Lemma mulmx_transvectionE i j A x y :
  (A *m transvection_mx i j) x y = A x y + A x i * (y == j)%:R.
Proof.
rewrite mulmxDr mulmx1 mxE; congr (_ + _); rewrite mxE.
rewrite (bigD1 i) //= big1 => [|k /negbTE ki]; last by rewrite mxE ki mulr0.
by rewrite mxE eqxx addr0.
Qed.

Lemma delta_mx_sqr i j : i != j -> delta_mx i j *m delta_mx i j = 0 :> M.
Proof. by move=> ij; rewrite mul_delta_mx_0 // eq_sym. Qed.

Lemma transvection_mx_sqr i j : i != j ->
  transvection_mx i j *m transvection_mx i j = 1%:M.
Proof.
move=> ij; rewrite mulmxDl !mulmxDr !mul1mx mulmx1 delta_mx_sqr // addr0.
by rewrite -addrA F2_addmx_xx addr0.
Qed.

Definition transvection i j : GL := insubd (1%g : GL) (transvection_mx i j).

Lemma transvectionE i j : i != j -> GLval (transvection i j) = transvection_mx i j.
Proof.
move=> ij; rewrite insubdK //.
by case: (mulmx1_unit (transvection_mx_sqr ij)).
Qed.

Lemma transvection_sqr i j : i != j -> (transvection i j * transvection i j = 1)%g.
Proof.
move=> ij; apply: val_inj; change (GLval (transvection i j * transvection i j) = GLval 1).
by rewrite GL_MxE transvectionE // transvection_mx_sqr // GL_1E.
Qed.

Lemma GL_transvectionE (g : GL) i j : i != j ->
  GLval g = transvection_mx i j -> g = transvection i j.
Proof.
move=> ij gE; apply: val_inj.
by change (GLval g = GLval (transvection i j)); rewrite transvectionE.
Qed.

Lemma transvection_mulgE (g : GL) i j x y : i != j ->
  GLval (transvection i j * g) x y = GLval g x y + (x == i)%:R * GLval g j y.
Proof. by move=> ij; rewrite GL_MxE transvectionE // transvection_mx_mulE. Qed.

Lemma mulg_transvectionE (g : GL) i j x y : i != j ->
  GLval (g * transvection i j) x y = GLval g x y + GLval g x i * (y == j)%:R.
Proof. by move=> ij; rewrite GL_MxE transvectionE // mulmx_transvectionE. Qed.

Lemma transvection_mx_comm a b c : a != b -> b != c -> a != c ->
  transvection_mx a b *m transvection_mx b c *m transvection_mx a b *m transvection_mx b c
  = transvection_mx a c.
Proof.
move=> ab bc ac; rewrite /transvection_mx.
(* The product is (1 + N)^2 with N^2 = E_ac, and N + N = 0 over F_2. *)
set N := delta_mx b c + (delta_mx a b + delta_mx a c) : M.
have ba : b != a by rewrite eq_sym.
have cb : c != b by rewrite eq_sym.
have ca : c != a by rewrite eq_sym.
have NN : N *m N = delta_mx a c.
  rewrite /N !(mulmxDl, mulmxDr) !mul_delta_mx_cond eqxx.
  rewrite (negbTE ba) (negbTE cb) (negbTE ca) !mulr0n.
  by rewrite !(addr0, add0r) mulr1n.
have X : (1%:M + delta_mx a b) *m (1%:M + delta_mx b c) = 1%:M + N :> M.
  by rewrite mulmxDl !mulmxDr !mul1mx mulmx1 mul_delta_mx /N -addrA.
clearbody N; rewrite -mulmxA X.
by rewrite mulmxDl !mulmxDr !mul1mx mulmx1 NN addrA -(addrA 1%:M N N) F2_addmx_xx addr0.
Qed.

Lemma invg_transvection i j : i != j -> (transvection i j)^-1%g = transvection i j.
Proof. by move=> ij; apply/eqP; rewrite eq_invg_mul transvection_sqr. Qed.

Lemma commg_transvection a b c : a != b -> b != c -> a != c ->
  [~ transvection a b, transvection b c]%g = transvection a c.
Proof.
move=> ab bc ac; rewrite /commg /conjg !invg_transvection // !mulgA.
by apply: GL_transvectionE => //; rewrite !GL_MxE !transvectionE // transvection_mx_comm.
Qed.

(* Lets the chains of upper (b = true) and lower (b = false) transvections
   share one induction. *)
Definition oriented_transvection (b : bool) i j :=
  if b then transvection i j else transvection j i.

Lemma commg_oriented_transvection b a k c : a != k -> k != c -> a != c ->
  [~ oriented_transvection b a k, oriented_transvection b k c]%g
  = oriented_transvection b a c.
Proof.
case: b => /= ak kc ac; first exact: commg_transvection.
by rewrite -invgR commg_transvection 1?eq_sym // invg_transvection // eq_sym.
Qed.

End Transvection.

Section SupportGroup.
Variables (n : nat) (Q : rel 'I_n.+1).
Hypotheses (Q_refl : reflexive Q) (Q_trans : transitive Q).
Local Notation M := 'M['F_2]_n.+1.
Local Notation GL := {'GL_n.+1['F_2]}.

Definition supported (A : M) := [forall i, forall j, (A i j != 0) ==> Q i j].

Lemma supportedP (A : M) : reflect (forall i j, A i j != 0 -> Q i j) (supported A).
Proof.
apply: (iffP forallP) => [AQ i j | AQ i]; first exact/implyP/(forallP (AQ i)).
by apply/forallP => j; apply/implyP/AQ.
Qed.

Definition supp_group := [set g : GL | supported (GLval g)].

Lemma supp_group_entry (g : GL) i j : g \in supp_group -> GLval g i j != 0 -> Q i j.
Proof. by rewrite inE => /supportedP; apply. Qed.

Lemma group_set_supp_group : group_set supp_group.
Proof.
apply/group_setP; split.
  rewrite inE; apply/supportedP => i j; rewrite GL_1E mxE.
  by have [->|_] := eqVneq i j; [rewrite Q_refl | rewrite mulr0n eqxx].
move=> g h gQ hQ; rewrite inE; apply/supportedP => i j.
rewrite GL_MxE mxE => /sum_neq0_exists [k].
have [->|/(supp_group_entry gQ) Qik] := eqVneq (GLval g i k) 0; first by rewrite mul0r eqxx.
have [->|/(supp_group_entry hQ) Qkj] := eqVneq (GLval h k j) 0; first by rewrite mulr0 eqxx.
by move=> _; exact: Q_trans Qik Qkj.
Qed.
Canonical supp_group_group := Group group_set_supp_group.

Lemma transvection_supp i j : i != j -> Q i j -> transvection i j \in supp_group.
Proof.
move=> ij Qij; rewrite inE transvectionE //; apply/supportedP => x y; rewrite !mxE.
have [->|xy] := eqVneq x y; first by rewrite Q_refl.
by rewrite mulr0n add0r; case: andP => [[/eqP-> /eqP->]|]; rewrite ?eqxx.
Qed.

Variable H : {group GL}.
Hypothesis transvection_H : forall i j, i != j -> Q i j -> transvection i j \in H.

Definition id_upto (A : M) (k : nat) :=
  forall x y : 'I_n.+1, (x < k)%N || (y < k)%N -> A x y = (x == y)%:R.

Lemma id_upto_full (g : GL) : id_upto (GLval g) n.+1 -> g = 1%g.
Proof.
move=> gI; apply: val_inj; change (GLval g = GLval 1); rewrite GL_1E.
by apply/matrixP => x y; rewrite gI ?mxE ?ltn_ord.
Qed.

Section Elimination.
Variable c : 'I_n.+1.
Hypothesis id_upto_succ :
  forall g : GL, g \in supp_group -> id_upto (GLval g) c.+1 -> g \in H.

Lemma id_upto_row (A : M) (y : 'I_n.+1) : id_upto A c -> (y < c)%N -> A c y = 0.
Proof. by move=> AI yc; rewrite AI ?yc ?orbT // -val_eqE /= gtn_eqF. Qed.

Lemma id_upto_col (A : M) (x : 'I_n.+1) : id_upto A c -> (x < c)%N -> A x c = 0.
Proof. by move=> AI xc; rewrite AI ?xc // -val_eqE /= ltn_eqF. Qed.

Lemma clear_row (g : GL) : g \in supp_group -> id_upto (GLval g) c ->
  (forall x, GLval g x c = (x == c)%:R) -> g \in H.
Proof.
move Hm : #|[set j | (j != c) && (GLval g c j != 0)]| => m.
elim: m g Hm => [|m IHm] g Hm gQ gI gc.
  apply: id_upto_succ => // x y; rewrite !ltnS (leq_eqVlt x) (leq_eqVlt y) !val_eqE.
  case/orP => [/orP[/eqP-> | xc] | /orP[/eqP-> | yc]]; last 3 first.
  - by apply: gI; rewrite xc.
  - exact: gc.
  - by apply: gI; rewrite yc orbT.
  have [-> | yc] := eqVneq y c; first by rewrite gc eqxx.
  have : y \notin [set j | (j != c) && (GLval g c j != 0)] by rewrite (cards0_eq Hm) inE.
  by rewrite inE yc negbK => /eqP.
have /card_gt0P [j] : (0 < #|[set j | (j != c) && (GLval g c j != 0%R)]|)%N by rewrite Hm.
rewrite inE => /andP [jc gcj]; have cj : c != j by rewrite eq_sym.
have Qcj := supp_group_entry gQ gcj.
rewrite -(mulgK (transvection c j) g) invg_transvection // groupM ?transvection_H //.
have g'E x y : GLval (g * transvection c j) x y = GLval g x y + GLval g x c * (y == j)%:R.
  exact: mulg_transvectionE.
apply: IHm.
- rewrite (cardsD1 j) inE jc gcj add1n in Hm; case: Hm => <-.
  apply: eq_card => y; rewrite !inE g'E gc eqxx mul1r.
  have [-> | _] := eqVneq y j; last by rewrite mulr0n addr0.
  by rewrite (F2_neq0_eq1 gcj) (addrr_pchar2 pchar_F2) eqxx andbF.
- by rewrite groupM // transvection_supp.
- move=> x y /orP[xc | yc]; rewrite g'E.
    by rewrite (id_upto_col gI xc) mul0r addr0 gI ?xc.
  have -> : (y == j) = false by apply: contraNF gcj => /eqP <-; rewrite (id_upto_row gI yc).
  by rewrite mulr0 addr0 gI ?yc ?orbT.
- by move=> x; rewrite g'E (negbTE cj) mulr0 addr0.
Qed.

==

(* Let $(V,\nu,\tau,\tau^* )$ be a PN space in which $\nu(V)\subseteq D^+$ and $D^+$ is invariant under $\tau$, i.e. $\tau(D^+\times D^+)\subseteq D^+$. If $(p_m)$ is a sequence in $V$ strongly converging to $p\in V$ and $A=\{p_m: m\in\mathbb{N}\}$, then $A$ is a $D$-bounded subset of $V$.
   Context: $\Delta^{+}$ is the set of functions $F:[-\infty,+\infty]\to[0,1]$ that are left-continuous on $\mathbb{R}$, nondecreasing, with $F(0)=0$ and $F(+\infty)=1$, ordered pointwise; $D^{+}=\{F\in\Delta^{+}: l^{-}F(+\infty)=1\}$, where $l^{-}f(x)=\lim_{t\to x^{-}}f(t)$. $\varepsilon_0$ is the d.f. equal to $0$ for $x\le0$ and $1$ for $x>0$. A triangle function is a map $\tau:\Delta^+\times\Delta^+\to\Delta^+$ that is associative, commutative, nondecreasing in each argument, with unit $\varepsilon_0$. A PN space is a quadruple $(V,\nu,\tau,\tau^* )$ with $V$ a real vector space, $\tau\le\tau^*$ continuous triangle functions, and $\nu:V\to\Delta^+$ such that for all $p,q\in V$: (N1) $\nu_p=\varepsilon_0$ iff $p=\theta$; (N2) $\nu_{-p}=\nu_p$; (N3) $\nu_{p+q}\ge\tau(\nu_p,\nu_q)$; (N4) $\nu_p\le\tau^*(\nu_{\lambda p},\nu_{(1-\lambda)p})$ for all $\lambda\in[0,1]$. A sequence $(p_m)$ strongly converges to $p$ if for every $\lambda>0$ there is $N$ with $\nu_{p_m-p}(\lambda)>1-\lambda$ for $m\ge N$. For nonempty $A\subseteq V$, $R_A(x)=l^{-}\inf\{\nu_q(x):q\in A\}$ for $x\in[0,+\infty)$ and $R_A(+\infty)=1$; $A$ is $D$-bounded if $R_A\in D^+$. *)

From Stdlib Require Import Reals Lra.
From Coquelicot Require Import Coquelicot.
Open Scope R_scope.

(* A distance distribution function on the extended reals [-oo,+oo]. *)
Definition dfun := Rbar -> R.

* * *

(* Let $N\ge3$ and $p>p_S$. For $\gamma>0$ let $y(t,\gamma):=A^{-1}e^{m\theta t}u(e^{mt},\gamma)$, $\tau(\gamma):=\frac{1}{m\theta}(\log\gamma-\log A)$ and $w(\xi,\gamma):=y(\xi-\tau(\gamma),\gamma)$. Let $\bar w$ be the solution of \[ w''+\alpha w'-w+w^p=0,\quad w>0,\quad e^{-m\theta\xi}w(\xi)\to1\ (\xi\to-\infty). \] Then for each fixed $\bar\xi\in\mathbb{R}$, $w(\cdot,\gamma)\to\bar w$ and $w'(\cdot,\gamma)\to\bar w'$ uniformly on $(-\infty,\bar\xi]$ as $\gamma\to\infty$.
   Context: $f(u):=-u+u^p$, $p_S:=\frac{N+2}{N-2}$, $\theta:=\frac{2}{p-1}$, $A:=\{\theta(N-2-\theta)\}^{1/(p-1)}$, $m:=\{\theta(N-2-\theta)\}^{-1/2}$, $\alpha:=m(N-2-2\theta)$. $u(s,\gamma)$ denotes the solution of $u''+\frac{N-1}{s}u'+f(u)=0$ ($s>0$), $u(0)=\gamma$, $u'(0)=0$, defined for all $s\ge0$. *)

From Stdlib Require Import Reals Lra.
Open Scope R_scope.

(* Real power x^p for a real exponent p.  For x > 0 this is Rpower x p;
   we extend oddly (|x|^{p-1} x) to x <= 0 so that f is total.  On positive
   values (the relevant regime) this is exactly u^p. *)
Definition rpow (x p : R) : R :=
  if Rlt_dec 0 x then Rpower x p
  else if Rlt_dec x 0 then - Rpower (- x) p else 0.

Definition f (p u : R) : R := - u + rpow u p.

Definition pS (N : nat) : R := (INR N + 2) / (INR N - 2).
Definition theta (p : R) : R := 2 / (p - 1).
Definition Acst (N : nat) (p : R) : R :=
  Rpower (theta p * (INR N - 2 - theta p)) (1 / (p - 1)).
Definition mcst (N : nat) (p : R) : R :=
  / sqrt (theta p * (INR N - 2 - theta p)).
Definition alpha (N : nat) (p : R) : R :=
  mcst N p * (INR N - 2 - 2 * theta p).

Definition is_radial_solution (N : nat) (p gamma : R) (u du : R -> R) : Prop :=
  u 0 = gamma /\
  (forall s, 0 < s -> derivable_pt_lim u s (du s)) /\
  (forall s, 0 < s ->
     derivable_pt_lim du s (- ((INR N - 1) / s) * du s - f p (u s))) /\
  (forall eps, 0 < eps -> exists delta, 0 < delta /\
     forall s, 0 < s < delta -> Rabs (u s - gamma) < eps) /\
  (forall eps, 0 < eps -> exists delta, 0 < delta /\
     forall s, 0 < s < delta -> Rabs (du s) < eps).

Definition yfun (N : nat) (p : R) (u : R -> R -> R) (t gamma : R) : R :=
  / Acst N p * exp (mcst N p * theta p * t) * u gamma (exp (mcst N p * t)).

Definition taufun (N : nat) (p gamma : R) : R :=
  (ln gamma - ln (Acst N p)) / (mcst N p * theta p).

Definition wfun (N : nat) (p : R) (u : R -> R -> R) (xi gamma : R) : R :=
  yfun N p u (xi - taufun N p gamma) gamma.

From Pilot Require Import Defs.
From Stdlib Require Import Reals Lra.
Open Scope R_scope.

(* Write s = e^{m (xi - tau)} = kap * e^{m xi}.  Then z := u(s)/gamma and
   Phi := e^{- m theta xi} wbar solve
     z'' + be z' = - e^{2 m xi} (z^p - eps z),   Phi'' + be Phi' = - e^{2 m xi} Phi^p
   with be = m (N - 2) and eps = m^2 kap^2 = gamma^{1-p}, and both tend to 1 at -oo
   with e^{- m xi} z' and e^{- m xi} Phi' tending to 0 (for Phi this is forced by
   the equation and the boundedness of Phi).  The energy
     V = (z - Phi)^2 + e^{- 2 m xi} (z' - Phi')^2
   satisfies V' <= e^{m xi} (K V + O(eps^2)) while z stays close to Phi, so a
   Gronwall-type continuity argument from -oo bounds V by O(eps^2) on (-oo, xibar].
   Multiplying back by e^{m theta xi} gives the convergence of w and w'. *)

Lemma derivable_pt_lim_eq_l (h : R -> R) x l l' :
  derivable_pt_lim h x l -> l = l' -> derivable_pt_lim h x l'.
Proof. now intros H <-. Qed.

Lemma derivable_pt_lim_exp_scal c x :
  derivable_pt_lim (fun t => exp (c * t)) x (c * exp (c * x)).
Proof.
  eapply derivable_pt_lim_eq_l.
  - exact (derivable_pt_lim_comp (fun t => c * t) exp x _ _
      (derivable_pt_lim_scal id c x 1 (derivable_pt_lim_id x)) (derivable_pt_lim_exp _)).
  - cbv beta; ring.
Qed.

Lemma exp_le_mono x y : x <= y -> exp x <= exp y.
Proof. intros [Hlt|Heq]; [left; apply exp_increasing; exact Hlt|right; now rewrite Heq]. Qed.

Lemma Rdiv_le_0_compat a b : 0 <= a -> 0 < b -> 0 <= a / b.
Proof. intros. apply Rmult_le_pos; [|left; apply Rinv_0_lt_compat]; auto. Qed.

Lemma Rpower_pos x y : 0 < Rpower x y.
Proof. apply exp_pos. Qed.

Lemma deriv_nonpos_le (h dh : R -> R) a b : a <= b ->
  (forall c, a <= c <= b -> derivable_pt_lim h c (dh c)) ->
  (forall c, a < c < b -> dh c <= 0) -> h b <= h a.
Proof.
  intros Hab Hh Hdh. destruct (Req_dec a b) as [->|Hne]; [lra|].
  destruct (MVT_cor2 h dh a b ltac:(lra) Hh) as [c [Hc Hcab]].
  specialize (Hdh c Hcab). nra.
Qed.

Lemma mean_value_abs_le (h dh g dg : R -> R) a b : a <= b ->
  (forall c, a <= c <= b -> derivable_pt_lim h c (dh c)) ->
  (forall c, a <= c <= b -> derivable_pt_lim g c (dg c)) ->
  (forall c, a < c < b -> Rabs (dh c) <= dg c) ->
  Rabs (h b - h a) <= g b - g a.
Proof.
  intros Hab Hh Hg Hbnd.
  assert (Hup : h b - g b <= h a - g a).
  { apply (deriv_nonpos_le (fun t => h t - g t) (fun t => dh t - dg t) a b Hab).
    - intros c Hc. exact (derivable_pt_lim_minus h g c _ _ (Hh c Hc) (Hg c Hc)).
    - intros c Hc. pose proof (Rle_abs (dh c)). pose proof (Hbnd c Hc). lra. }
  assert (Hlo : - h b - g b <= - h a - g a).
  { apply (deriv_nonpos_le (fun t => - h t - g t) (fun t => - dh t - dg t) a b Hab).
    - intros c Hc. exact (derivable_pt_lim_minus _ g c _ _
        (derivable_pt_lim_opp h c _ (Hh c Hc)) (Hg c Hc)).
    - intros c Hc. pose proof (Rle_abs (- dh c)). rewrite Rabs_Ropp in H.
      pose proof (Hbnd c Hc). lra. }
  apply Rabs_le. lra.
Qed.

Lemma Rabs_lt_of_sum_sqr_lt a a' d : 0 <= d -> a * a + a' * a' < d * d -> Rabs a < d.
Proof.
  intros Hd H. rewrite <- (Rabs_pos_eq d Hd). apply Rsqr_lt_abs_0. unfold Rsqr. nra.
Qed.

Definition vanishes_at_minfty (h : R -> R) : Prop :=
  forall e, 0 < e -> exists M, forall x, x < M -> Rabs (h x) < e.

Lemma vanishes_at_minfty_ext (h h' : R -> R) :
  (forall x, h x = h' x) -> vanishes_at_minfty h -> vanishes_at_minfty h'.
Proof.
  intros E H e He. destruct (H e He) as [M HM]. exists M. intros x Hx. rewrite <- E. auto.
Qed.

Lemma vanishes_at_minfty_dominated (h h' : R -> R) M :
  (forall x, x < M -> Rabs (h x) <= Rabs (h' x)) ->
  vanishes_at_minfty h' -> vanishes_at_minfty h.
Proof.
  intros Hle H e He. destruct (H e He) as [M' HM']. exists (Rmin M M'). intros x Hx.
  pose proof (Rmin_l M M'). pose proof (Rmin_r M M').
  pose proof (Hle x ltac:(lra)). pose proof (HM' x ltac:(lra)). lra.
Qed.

[EXERCISE GOAL]
Repeat exactly the lines of the listing above, from the one with "forall s, 0 < s < delta -> Rabs (u" down to the one with "the equation and"; both of those lines belong in the range.

[RESPONSE FOR THIS EXERCISE]
     forall s, 0 < s < delta -> Rabs (u s - gamma) < eps) /\
  (forall eps, 0 < eps -> exists delta, 0 < delta /\
     forall s, 0 < s < delta -> Rabs (du s) < eps).

Definition yfun (N : nat) (p : R) (u : R -> R -> R) (t gamma : R) : R :=
  / Acst N p * exp (mcst N p * theta p * t) * u gamma (exp (mcst N p * t)).

Definition taufun (N : nat) (p gamma : R) : R :=
  (ln gamma - ln (Acst N p)) / (mcst N p * theta p).

Definition wfun (N : nat) (p : R) (u : R -> R -> R) (xi gamma : R) : R :=
  yfun N p u (xi - taufun N p gamma) gamma.

From Pilot Require Import Defs.
From Stdlib Require Import Reals Lra.
Open Scope R_scope.

(* Write s = e^{m (xi - tau)} = kap * e^{m xi}.  Then z := u(s)/gamma and
   Phi := e^{- m theta xi} wbar solve
     z'' + be z' = - e^{2 m xi} (z^p - eps z),   Phi'' + be Phi' = - e^{2 m xi} Phi^p
   with be = m (N - 2) and eps = m^2 kap^2 = gamma^{1-p}, and both tend to 1 at -oo
   with e^{- m xi} z' and e^{- m xi} Phi' tending to 0 (for Phi this is forced by
   the equation and the boundedness of Phi).  The energy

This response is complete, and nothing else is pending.